Melting was followed by casting into forms or moulds, and these moulds must have been of stone. This might be concluded from the language of Torquemada and Gomara.[14] The words “by placing one stone above another 22one” are too clear to leave the least doubt as to what the author meant. This process will account for the absolute identity we had the opportunity to observe existing between certain trinkets of the same class, coming chiefly from Nicaragua and Chiriqui. No specimens of a mould, however, have come to our view, or have been heard of as existing in any collection, probably because whenever they were met by the “huaqueros,” they did not recognize them as such, and threw them away.
The scanty knowledge we have of all these interesting technical details will not be wondered at, if we consider that we derive it from no other class of writers than from unlearned soldiers, and monks unskilled in the practical matters of this world. But still, the principal reason for this want of information is that the Mexican artist was as jealous in keeping his devices secret, as the European. They also formed guilds, into which the apprentices were sworn, and their tongues were bound by fear as well as interest. Let us quote only one instance. The Vice-King 23Mendoza reports to the Emperor[15] that he offered to pardon one of those workmen, if he would disclose how he was able to counterfeit the Spanish coins in so striking a way. But the native preferred to remain silent and was put to death.

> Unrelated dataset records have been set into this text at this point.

Lemma metric_ball_nbhs (G : topologicalType) (d : G -> G -> Real) x (r : Real) :
  is_metric d -> metric_compatible d -> 0 < r -> nbhs x [set y | d x y < r].
Proof.
move=> [_ d_eq0 _ d_tri] d_compat r_gt0; apply: open_nbhs_nbhs; split.
  apply/d_compat => y /= dxy; exists (r - d x y); split; first by rewrite subr_gt0.
  by move=> z; have := d_tri x y z; lra.
by rewrite /= (proj2 (d_eq0 x x) erefl).
Qed.

Lemma metric_separating_nbhs (G : topologicalType) (d : G -> G -> Real) x :
  is_metric d -> metric_compatible d ->
  exists B : nat -> set G, (forall m, nbhs x (B m)) /\ forall y, (forall m, B m y) -> y = x.
Proof.
move=> d_metric d_compat; have [d_ge0 d_eq0 _ _] := d_metric.
exists (fun m => [set y | d x y < 2 ^- m]); split => [m | y B_y].
  exact: metric_ball_nbhs (expN2_gt0 m).
suff /d_eq0 -> : d x y = 0 by [].
apply/eqP; rewrite eq_le d_ge0 andbT leNgt; apply/negP => /expN2_lt[m].
by have := B_y m; rewrite /=; lra.
Qed.

Theorem proposition2p12 (G : topologicalType) (mul : G -> G -> G) (inv : G -> G) (e : G) :
  is_topological_group mul inv e ->
  polish_space G ->
  locally_strongly_bounded mul e ->
  forall A : set G, coarsely_bounded mul A -> strongly_bounded mul A.
Proof.
move=> G_top [_ [d0 [d0_metric d0_compat _]]] [U [U_open U_e U_sb]] A A_cb d d_metric d_inv.
have [M U_le] := U_sb d d_metric d_inv.
have M_ge0 : 0 <= M.
  by case: d_metric => d_ge0 _ _ _; apply: le_trans (d_ge0 e e) (U_le e e U_e U_e).
have [B [B_e B_sep]] := metric_separating_nbhs e d0_metric d0_compat.
have U_nbhs : nbhs e U by apply: open_nbhs_nbhs.
have [rho [rho_metric rho_inv rho_cont d_le]] := exists_continuous_metric_dominating G_top B_e B_sep
  U_nbhs d_metric d_inv M_ge0 (fun g => U_le e g U_e).
have [Mr rho_le] := A_cb rho rho_metric rho_inv rho_cont.
exists ((4 * M + 1) * Mr + M) => x y Ax Ay.
by apply: le_trans (d_le x y) _; rewrite lerD2r ler_wpM2l ?rho_le //; lra.
Qed.
Theorem lemma4p1 (R : realType) (n : nat) (A b : {poly R[i]}) :
  (1 <= n)%N ->
  (* b is a polynomial of degree at most n-1 *)
  (size b <= n)%N ->
  (* A = a^* is a polynomial (a^*(0) < oo) with 0 < a^*(0) *)
  0 < A`_0 ->
  (* a a^* + b b^* = 1 as Laurent polynomials, i.e. on all z <> 0 *)
  (forall z : R[i], z != 0 ->
     cconj A.[(cconj z)^-1] * A.[z] + b.[z] * cconj b.[(cconj z)^-1] = 1) ->
  [/\
  (* (a) *)
    (forall k : nat, (1 <= k <= n)%N ->
       a0 n A b k = a0 n A b k.-1 * rC (sq1 (gam A b k.-1)))
    /\ (forall k : nat, (k.+1 <= n.-1)%N -> a0 n A b k <= a0 n A b k.+1),
  (* (b) *)
    (forall k : nat, (k < n)%N ->
       [/\ mnorm2 (Gmat n A b k *m Theta (gam A b k)) = mnorm2 (Gmat n A b k),
           frob (Gmat n A b k *m Theta (gam A b k)) = frob (Gmat n A b k),
           frob (Gmat n A b k) = frob (Gmat n A b 0)
         & frob (Gmat n A b 0) = 1]),
  (* (c) *)
    (forall k : nat, (k.+2 <= n)%N ->
       mnorm1 (Gmat n A b k.+1) = mnorm1 (Gmat n A b k *m Theta (gam A b k))),
  (* (d) *)
    (forall k j : nat, (k < n)%N -> (j <= n - k - 1)%N ->
       modc (astar A b k)`_j <= 1 /\ modc (bk A b k)`_j <= 1)
  & (* (e) *)
    (forall k : nat, (k < n)%N ->
       rC (modc (gam A b k))
         <= (a0 n A b 0 * \prod_(j < k) rC (sq1 (gam A b j)))^-1)].
Proof.
move=> n_gt0 size_b A0_gt0 unit_modulus.
have Ab := admissible_of_unit_modulus n_gt0 size_b A0_gt0 unit_modulus.
split.
- split=> [[|k] // /andP [_ lt_kn] | k lt_k1n]; first exact: a0_succ.
  rewrite (a0_succ Ab); last by lia.
  by rewrite ler_peMr ?rC_sq1_ge1 // ltW // (a0_gt0 Ab); lia.
- by move=> k lt_kn; rewrite mnorm2_mulmx_Theta frob_mulmx_Theta !(frob_Gmat Ab).
- exact: mnorm1_Gmat_succ.
- by move=> k j lt_kn _; apply: admissible_coef_le1 (admissible_layer Ab lt_kn).
- by move=> k lt_kn; rewrite -(a0_prod Ab) //; apply: gam_norm_le.
Qed.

Here is the place for asking the question: Would not the early Mexicans, aside from their practice of casting the above metals, have employed also that of hammering? Our reply would be emphatically in the negative, if taking the expression “hammering” in its strict meaning, which is that of working with the hammer. The writers of the Conquest have left the most explicit testimony, that the natives, only after the arrival of the Spaniards became acquainted with this instrument, and with the art of using it for working high reliefs out of a metal sheet. Moreover, the native vocabulary has no word for the metal hammer as it is commonly understood. Yet the wooden mallet was known, the so-called quauhololli, and used by the sculptors. In the gradual education of mankind in technical knowledge, beating of metals, of course, must have preceded casting. The ancestors of the early Mexicans, at a certain epoch, stood on the same low stage of workmanship as their more distant northern brethren. But when the inventor of the mould had taught them how to multiply the objects most in demand, by the means of this easy, rapid and almost infallible operation, we must not imagine that he had done away entirely with the old practice of beating and stretching metal with a stone. The practice, in certain cases, would have been maintained: as for instance, when a diadem, a shield, or a breastplate was to be shaped, and on occasions when the object to be made required the use of a thin flat sheet of metal. Such objects are not only described by the writers, but are also represented by the 24native painters. A specimen of such a kind is mentioned, which on account of its extraordinary beauty, workmanship and value left a deep impression on the conquerors. It was the present which Motezuma made to Cortes at his landing, on the Culhua coast, “the two gold and silver wheels;” the one, as they said, representing the Sun, the other the Moon. According to the measures they took of them, these round discs must have had a diameter of more than five feet. It is preposterous to imagine that round sheets of this size should have been the product of casting.[16]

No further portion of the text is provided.